(Problem description): Your answer should consist of each line below that contains the string "limit".
----- Available data
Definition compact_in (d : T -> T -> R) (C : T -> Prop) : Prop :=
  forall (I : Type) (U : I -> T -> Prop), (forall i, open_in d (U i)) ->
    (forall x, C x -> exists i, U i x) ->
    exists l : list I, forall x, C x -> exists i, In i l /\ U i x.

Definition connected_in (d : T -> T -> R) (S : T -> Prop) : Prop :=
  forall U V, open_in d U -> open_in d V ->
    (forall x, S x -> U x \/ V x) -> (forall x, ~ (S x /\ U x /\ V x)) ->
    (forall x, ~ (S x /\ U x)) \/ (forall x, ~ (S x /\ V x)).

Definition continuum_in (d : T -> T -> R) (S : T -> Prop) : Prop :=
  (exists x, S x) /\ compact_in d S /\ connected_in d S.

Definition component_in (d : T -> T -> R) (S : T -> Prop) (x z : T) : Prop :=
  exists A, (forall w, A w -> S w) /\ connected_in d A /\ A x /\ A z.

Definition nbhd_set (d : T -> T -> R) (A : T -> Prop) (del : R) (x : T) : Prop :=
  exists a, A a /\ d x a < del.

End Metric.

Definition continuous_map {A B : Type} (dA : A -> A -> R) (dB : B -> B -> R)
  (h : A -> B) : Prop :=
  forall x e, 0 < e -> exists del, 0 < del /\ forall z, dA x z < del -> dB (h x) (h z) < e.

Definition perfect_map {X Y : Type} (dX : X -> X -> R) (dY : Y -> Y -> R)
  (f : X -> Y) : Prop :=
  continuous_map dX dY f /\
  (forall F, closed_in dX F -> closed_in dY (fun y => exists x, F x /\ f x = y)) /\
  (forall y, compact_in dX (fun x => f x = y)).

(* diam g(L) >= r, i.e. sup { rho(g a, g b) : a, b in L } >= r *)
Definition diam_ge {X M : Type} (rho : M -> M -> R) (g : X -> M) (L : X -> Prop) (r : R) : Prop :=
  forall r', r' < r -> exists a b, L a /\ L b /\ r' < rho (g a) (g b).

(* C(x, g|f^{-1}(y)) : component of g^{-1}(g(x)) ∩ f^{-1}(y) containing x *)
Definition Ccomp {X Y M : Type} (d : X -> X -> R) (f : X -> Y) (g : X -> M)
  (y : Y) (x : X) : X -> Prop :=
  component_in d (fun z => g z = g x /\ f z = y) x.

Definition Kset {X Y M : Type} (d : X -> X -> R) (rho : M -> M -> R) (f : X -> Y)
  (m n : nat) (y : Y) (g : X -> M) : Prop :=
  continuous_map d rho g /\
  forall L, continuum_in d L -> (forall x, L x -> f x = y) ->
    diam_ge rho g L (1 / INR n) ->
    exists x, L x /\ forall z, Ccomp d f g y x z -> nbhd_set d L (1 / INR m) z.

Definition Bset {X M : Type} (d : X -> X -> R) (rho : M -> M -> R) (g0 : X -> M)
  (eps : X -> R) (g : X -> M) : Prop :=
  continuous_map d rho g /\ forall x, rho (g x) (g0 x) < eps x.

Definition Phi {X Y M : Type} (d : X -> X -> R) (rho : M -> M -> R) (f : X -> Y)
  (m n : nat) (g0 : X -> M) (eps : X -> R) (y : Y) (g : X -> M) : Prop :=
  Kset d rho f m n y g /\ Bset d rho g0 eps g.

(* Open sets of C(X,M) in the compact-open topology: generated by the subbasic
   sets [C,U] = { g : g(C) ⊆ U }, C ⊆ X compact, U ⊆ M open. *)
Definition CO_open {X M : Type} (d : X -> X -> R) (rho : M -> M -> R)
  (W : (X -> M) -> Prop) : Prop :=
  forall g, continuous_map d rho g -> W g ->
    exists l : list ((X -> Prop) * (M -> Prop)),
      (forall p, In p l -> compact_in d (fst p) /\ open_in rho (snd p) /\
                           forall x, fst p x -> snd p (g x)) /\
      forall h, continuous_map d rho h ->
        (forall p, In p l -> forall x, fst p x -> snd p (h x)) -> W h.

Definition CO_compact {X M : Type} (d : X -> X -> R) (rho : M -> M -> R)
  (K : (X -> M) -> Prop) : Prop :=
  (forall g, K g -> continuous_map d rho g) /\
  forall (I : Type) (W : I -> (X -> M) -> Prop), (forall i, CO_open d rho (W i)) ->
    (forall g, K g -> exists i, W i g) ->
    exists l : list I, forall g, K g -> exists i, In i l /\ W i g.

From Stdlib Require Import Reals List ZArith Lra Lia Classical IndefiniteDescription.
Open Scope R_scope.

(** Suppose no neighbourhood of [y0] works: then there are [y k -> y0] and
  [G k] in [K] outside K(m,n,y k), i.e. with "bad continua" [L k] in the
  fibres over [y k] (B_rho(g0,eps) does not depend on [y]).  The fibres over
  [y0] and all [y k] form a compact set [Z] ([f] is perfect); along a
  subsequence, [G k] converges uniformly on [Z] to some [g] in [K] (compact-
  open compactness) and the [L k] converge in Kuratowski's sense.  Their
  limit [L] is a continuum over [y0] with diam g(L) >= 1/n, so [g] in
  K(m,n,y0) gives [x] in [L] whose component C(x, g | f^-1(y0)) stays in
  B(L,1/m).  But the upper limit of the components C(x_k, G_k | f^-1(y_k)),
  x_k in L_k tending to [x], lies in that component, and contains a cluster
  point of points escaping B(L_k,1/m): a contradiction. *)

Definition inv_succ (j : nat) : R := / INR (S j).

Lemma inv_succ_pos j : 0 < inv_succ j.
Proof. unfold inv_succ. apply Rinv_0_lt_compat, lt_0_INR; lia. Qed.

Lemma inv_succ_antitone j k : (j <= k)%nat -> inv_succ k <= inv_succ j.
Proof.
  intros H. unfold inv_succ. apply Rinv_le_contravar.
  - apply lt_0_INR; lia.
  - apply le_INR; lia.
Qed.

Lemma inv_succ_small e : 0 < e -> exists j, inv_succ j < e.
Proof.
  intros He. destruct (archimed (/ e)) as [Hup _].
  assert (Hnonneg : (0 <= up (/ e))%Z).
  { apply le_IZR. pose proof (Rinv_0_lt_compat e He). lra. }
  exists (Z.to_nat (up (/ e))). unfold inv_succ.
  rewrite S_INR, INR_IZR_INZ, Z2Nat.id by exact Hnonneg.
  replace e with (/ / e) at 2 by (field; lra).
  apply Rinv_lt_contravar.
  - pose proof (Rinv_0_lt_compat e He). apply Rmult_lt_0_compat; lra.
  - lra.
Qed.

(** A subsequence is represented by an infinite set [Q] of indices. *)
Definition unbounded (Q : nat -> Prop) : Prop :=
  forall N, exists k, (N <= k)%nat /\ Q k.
----------
(Answer):
  limit [L] is a continuum over [y0] with diam g(L) >= 1/n, so [g] in
  B(L,1/m).  But the upper limit of the components C(x_k, G_k | f^-1(y_k)),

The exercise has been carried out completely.